Day Thirty – Whatever Tickles Your Fancy (aka. Why Harry Matters)

So I finally made it! The final day of the blogging challenge. The challenge that was supposed to take me 30 days and has in fact taken me 132 days…but I completed it, nonetheless (ignoring the fact that this means I averaged 4.4 days per post).

So this challenge coming to its completion got me thinking about the concept of endings, and it seems fitting that I mull over such a topic the day after another era of my life came to an end. I speak of a common theme in the lives of many of my peers, something we have grown up with since its beginnings ten years ago, and something that I can safely say has impacted our lives.
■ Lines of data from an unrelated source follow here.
(* Let $S>0$, $\zeta\in\{0,1\}$, $\phi\in(-1,1)$, and let $(u_n)_{n\in\mathbb{N}}$ be the $\phi$-market impact scenario defined below. Then there exists $R>0$ such that for all $x\in(-R,R)$ the scenario is regular ($N(x)=+\infty$ where $N(x)=\inf\{n: s_n(x)=-S\}$), the function $x\mapsto\sum_{n\ge0}u_n(x)$ is given by a power series on $(-R,R)$ (in particular it is $\mathcal{C}^\infty$ there), and $$\sum_{n=0}^{+\infty}u_n(x)=\frac{1}{1-\phi}\,x+\frac{1}{S}\,\frac{(1+\zeta)\phi}{(1-\phi)^3(1+\phi)}\,x^2+o(x^2)\quad\text{as }x\to0.$$
   Context: Fix $S>0$, $\zeta\in\{0,1\}$ and $\phi\in\mathbb{R}$. For $a,b\in\mathbb{R}$ write $a\vee b=\max(a,b)$. The $\phi$-market impact scenario starting from $x\in\mathbb{R}$ is the sequence of real-valued functions $(u_n)_{n\in\mathbb{N}}$ defined by $u_0(x)=x\vee(-S)$ and, for all $n\in\mathbb{N}$, $u_{n+1}(x)=\Big(\phi\big(1+\tfrac{s_n(x)}{S}\big)^{1+\zeta}u_n(x)\Big)\vee\big(-s_n(x)-S\big)$, where $s_n(x)=\sum_{k=0}^n u_k(x)$. *)

From Stdlib Require Import Reals.
Open Scope R_scope.

(* us S zeta phi x n = (u_n(x), s_n(x)) for the phi-market impact scenario,
   with zeta : nat (intended to be 0 or 1). *)
Fixpoint us (S : R) (zeta : nat) (phi x : R) (n : nat) : R * R :=
  match n with
  | O => let u0 := Rmax x (- S) in (u0, u0)
  | Datatypes.S m =>
      let p := us S zeta phi x m in
      let u := fst p in
      let s := snd p in
      let u' := Rmax (phi * (1 + s / S) ^ (1 + zeta) * u) (- s - S) in
      (u', s + u')
  end.

Definition u_sc (S : R) (zeta : nat) (phi : R) (n : nat) (x : R) : R :=
  fst (us S zeta phi x n).

Definition s_sc (S : R) (zeta : nat) (phi : R) (n : nat) (x : R) : R :=
  snd (us S zeta phi x n).

Definition regular (S : R) (zeta : nat) (phi x : R) : Prop :=
  forall n : nat, s_sc S zeta phi n x <> - S.

From Stdlib Require Import Reals Lra Lia.
From Coquelicot Require Import Coquelicot.
Open Scope R_scope.

(* Expand [u_n] and [s_n] as power series in [x] by always following the first branch of
   the max.  In the submultiplicative norm [|a|_r = sum_k |a_k| r^k], the factor
   [(1 + s_n/S)^(1+zeta)] has norm at most [(1+d)^(1+zeta)] as long as [|s_n|_r <= S d], so
   [|u_n|_r <= r q^n] with [|phi| (1+d)^(1+zeta) <= q < 1], hence [|s_n|_r <= r/(1-q)], and
   choosing [r/(1-q) <= S d] closes the induction.  For [|x| < r] this gives [|s_n(x)| <= S d < S]:
   the max never takes its second branch, the scenario is regular and [u_n(x)] is the sum of
   its series.  The coefficients of [u_n] decay like [q^n], so [sum_n u_n(x)] is the power
   series with coefficients [A_k = sum_n u_{n,k}]; the linear recursions [u_{n,1} = phi^n] and
   [u_{n+1,2} = phi u_{n,2} + phi (1+zeta)/S s_{n,1} phi^n] give [A_1] and [A_2], and the
   geometric bound on [A_k] controls the remainder by [O(x^3)]. *)

(** * Series dominated by geometric series *)

Lemma is_series_single (a : nat -> R) :
  (forall k, a (S k) = 0) -> is_series a (a 0%nat).
Proof.
  intro Ha. apply is_series_Reals. intros eps Heps. exists 0%nat. intros n _.
  assert (Hsum : sum_f_R0 a n = a 0%nat).
  { induction n as [|n IH]; simpl; [reflexivity|]. rewrite IH, Ha. ring. }
  unfold R_dist. rewrite Hsum, Rminus_diag, Rabs_R0. exact Heps.
Qed.

Lemma Series_zero : Series (fun _ : nat => 0) = 0.
Proof. exact (is_series_unique _ _ (is_series_single (fun _ => 0) (fun _ => eq_refl))). Qed.

Lemma Series_linear_recurrence (v w : nat -> R) (c W : R) :
  c <> 1 -> v 0%nat = 0 -> (forall n, v (S n) = c * v n + w n) ->
  ex_series v -> is_series w W -> Series v = W / (1 - c).
Proof.
  intros Hc Hv0 Hrec Hv Hw.
  assert (Hfix : Series v = c * Series v + W).
  { rewrite (Series_incr_1 v Hv) at 1. rewrite Hv0, Rplus_0_l, (Series_ext _ _ Hrec).
    rewrite Series_plus, Series_scal_l, (is_series_unique _ _ Hw); [reflexivity | | eexists; exact Hw].
    destruct Hv as [l Hl]. exists (c * l). apply (is_series_scal_l c v), Hl. }
  apply (Rmult_eq_reg_r (1 - c)); [|lra]. unfold Rdiv. rewrite Rmult_assoc, Rinv_l by lra. lra.
Qed.

Lemma ex_series_geom_le (a : nat -> R) (C q : R) :
  0 <= q < 1 -> (forall n, Rabs (a n) <= C * q ^ n) ->
  ex_series (fun n => Rabs (a n)).
Proof.
  intros Hq Ha. apply (ex_series_le (fun n => Rabs (a n)) (fun n => C * q ^ n)).
  - intro n. rewrite Rabs_Rabsolu. apply Ha.
  - exists (C * / (1 - q)). apply (is_series_scal_l C (fun n => q ^ n)), is_series_geom.
    rewrite Rabs_pos_eq; lra.
Qed.

Lemma Rabs_Series_geom_le (a : nat -> R) (C q : R) :
  0 <= q < 1 -> (forall n, Rabs (a n) <= C * q ^ n) ->
  Rabs (Series a) <= C / (1 - q).
Proof.
  intros Hq Ha.
  assert (Hg : is_series (fun n => C * q ^ n) (C * / (1 - q))).
  { apply (is_series_scal_l C (fun n => q ^ n)), is_series_geom. rewrite Rabs_pos_eq; lra. }
  eapply Rle_trans; [apply Series_Rabs, (ex_series_geom_le a C q); auto|].
  unfold Rdiv. rewrite <- (is_series_unique _ _ Hg). apply Series_le; [|eexists; eauto].
  intro n. split; [apply Rabs_pos | apply Ha].
Qed.

Lemma infinite_sum_geom_rate (a : nat -> R) (l K q : R) :
  0 <= q < 1 -> (forall N, Rabs (sum_f_R0 a N - l) <= K * q ^ N) ->
  infinite_sum a l.
Proof.
  intros Hq Ha eps Heps.
  assert (HK : 0 < Rabs K + 1) by (pose proof (Rabs_pos K); lra).
  destruct (pow_lt_1_zero q ltac:(rewrite Rabs_pos_eq; lra) (eps / (Rabs K + 1)))
    as [N HN]; [apply Rdiv_lt_0_compat; lra|].
  exists N. intros n Hn. specialize (HN n Hn).
  rewrite Rabs_pos_eq in HN by (apply pow_le; lra).
  apply (Rmult_lt_compat_l (Rabs K + 1)) in HN; [|exact HK].
  replace ((Rabs K + 1) * (eps / (Rabs K + 1))) with eps in HN by (field; lra).
  assert (K * q ^ n <= (Rabs K + 1) * q ^ n).
  { apply Rmult_le_compat_r; [apply pow_le; lra|]. pose proof (Rle_abs K); lra. }
  unfold R_dist. specialize (Ha n). lra.
Qed.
I am speaking of Harry Potter.

Yes, as cheesy as it sounds, the impact of this phenomenon has been summed up in Facebook-group forms such as “3 heroes. 7 books. 8 movies. 10 years. We are the Harry Potter generation.” And whilst it may seem frivolous to name one’s generation after a book and film franchise, it is not an unfair statement.

As an eighteen year old, the first HP film premièred when I was eight, and the main characters of the film were eleven in the first instalment – not that much older than myself and my age mates. Magical powers aside, they were still ordinary kids with ordinary problems, and a great number of us were ‘spellbound’ (*shudders at corny pun*) by the story.

I remember being eight or nine (and indeed, this wish may have persisted for quite a number of years) and wanting nothing more than to be Hermione Granger. I too was a nerdy, shy, book-loving child with rather frizzy hair and I was captivated by this young girl who I related with so strongly. I admired the courage of Harry Potter, laughed with (and at) the gawky Ron Weasley, learned to pity Neville Longbottom and to hate Draco Malfoy. Terms like the Philosopher’s stone, basilisks and OWLs became part of everyday vocabulary, and I would have sold my soul to trade in Maths and English for Charms and Transfiguration.

As I said, I loved reading as a child – and still do – so when the books came out I just consumed them. But something I’ve noticed about this series is that even those who weren’t big readers could get into them. I’m sure there would be many people (and I know of some myself) who claim not to enjoy or have an interest in reading, but who will willingly admit to completing the entire series. Supposedly, 11 million copies of Harry Potter and the Deathly Hallows were sold in its first 24 hours after release. That’s a whole lotta books. So even if you are not a fan of the books and the subsequent franchise, and you prefer to stick to the classics – you can’t deny the impact the series had on the reading habits of entire populations.

So now the last film has been released – a few years after the final book – and with it, the new material has come to an end. On paper, Harry’s story has reached its finale. But in the hearts of devoted fans everywhere, it’s here to stay.